# Is Form 1229 required for child under 18 years of age



## venugopal_b (Sep 10, 2018)

Seniors,

Please let me know if I need to submit Form 1229 consent to grant an Australian visa for my 5-year-old son. My understanding is that it is required only for a child under the age of 18 not traveling with both parents or legal guardians.

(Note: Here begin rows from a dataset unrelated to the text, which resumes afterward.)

(* Let $I=[a,b]$ with $|I|<1$, $\gamma>0$, and $\mathcal{K}\in\mathrm{D}^{1+\mathcal{Z}_\gamma}(I)$. For $x\in I$ let $z=\frac{b-x}{b-a}$. Then there is a constant $C>0$ such that for all $x\in I$ $$|z\mathcal{K}'(a)+(1-z)\mathcal{K}'(b)-\mathcal{K}'(x)|\le\begin{cases}C|I|\,T_\gamma(z,|I|), & z\in[0,\frac12],\\ C|I|\,T_\gamma(1-z,|I|), & z\in(\frac12,1].\end{cases}$$
   Context: $\mathcal{Z}_\gamma(x)=(\log\frac1x)^{-\gamma}$ for $x\in(0,1)$, $\mathcal{Z}_\gamma(0)=0$. $\mathrm{D}^{1+\mathcal{Z}_\gamma}(I)$ is the class of $C^1$ diffeomorphisms $\mathcal{K}$ of $I$ onto its image whose derivative satisfies: there is $C_0>0$ with $|\mathcal{K}'(\xi+\tau)+\mathcal{K}'(\xi-\tau)-2\mathcal{K}'(\xi)|\le C_0\tau\mathcal{Z}_\gamma(\tau)$ for all $\tau\in[0,|I|/2]$ and all $\xi$ with $\xi\pm\tau\in I$. $T_\gamma:[0,\frac12]\times(0,1)\to\mathbb{R}$ is defined by $T_\gamma(s,t)=s\int_s^1\frac{\mathcal{Z}_\gamma(xt)}{x}dx+\int_0^s\mathcal{Z}_\gamma(xt)dx$ for $s\in(0,\frac12]$ and $T_\gamma(0,t)=0$. *)

From Stdlib Require Import Reals.
From Coquelicot Require Import Coquelicot.
Open Scope R_scope.

(* Z_gamma(x) = (log (1/x))^(-gamma) for x in (0,1), Z_gamma(0) = 0.
   (Values outside [0,1) are irrelevant: they are never used.) *)
Definition Zg (gamma x : R) : R :=
  if Rle_dec x 0 then 0 else Rpower (ln (/ x)) (- gamma).

Definition Tg (gamma s t : R) : R :=
  if Rle_dec s 0 then 0
  else s * RInt (fun x => Zg gamma (x * t) / x) s 1
       + RInt (fun x => Zg gamma (x * t)) 0 s.

Definition has_deriv_on (a b : R) (K dK : R -> R) : Prop :=
  forall x, a <= x <= b ->
    filterlim (fun y => (K y - K x) / (y - x))
      (within (fun y => a <= y <= b /\ y <> x) (locally x)) (locally (dK x)).

Definition C1_diffeo_on (a b : R) (K dK : R -> R) : Prop :=
  has_deriv_on a b K dK /\
  (forall x, a <= x <= b ->
     filterlim dK (within (fun y => a <= y <= b) (locally x)) (locally (dK x))) /\
  (forall x y, a <= x <= b -> a <= y <= b -> K x = K y -> x = y) /\
  (forall x, a <= x <= b -> dK x <> 0).

Definition in_D1Z (gamma a b : R) (K dK : R -> R) : Prop :=
  C1_diffeo_on a b K dK /\
  exists C0, 0 < C0 /\
    forall tau xi, 0 <= tau <= (b - a) / 2 ->
      a <= xi - tau -> xi + tau <= b ->
      Rabs (dK (xi + tau) + dK (xi - tau) - 2 * dK xi) <= C0 * tau * Zg gamma tau.

From Stdlib Require Import Reals Lra.
From Coquelicot Require Import Coquelicot.
Open Scope R_scope.

(* Rescaling [a,b] to [0,1], h z := K'(b - z|I|) minus the chord through K'(a), K'(b)
   vanishes at 0 and 1 and its second differences at step t are at most
   w t := C0 t|I| Z(t|I|).  Since 2 h z = h (2z) + h 0 - (second difference), the
   excess |h| - B over a candidate bound B halves along z -> 2z (or 2z - 1) as soon as
   w z / 2 <= B z - B (2z) / 2; h being bounded, the excess is then <= 0.
   B = w (1/2) gives a global bound, and then B s = 4 C0 |I| s int_s^1 Z(x|I|)/x dx
   works because int_s^2s Z(x|I|)/x dx >= Z(s|I|)/2; finally s int_s^1 <= T(s,|I|).
   For z > 1/2 apply the same to z -> h (1 - z). *)

Lemma Zg_ge0 g y : 0 <= Zg g y.
Proof. unfold Zg, Rpower; destruct (Rle_dec y 0); [lra | left; apply exp_pos]. Qed.

Lemma Zg_exp_form g y : 0 < y -> Zg g y = exp (- g * ln (ln (/ y))).
Proof. intros Hy; unfold Zg, Rpower; destruct (Rle_dec y 0); [lra | reflexivity]. Qed.

Lemma ln_inv_gt0 y : 0 < y < 1 -> 0 < ln (/ y).
Proof.
  intros Hy; rewrite <- ln_1; apply ln_increasing; [lra |].
  rewrite <- Rinv_1; apply Rinv_lt_contravar; lra.
Qed.

Lemma Zg_le_compat g y1 y2 : 0 <= g -> y1 <= y2 < 1 -> Zg g y1 <= Zg g y2.
Proof.
  intros Hg Hy.
  destruct (Rle_dec y1 0) as [Hy1 | Hy1].
  { unfold Zg at 1; destruct (Rle_dec y1 0); [apply Zg_ge0 | lra]. }
  rewrite !Zg_exp_form by lra.
  assert (ln (ln (/ y2)) <= ln (ln (/ y1))).
  { apply ln_le; [apply ln_inv_gt0; lra |].
    apply ln_le; [apply Rinv_0_lt_compat; lra | apply Rinv_le_contravar; lra]. }
  destruct (Req_dec (- g * ln (ln (/ y1))) (- g * ln (ln (/ y2)))) as [-> | Hne];
    [lra | left; apply exp_increasing; nra].
Qed.

Lemma Zg_small g eps : 0 < g -> 0 < eps -> exists d, 0 < d < 1 /\ Zg g d < eps.
Proof.
  intros Hg Heps.
  (* d = exp (- exp (c / g)) gives Zg g d = exp (- c) *)
  set (c := 1 - ln eps).
  exists (exp (- exp (c / g))).
  assert (Hd : 0 < exp (- exp (c / g)) < 1).
  { split; [apply exp_pos |]. rewrite <- exp_0. apply exp_increasing.
    assert (0 < exp (c / g)) by apply exp_pos. lra. }
  split; [exact Hd |].
  rewrite Zg_exp_form by lra.
  rewrite exp_Ropp, Rinv_inv, !ln_exp.
  rewrite <- (exp_ln eps) by lra. apply exp_increasing.
  replace (- g * (c / g)) with (- c) by (field; lra). unfold c; lra.
Qed.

https://www.homeaffairs.gov.au/forms/documents/1229.pdf


----------



## PrettyIsotonic (Nov 30, 2016)

venugopal_b said:


> Seniors,
> 
> Please let me know if I need to submit Form 1229 consent to grant an Australian visa for my 5-year-old son. My understanding is that it is required only for a child under the age of 18 not traveling with both parents or legal guardians.
> 
> https://www.homeaffairs.gov.au/forms/documents/1229.pdf


That is my understanding too. 

It is also not required if only one parent has custody and is the only one travelling (as per the forms instructions).


----------



## sunshineseeker5001 (Jan 4, 2022)

venugopal_b said:


> Seniors,
> 
> Please let me know if I need to submit Form 1229 consent to grant an Australian visa for my 5-year-old son. My understanding is that it is required only for a child under the age of 18 not traveling with both parents or legal guardians.
> 
> https://www.homeaffairs.gov.au/forms/documents/1229.pdf


hi, I am wondering about the same thing, could you please let me know what happened in your case.It is showing up as a required document, but when I read the guidance, it does not seem to e applicable. On the drop down box it gives you option to upload other documents, may be a marriage certificate would do?


----------



## pschitkara (Jun 28, 2017)

sunshineseeker5001 said:


> hi, I am wondering about the same thing, could you please let me know what happened in your case.It is showing up as a required document, but when I read the guidance, it does not seem to e applicable. On the drop down box it gives you option to upload other documents, may be a marriage certificate would do?


Any Update ??


----------



## sunshineseeker5001 (Jan 4, 2022)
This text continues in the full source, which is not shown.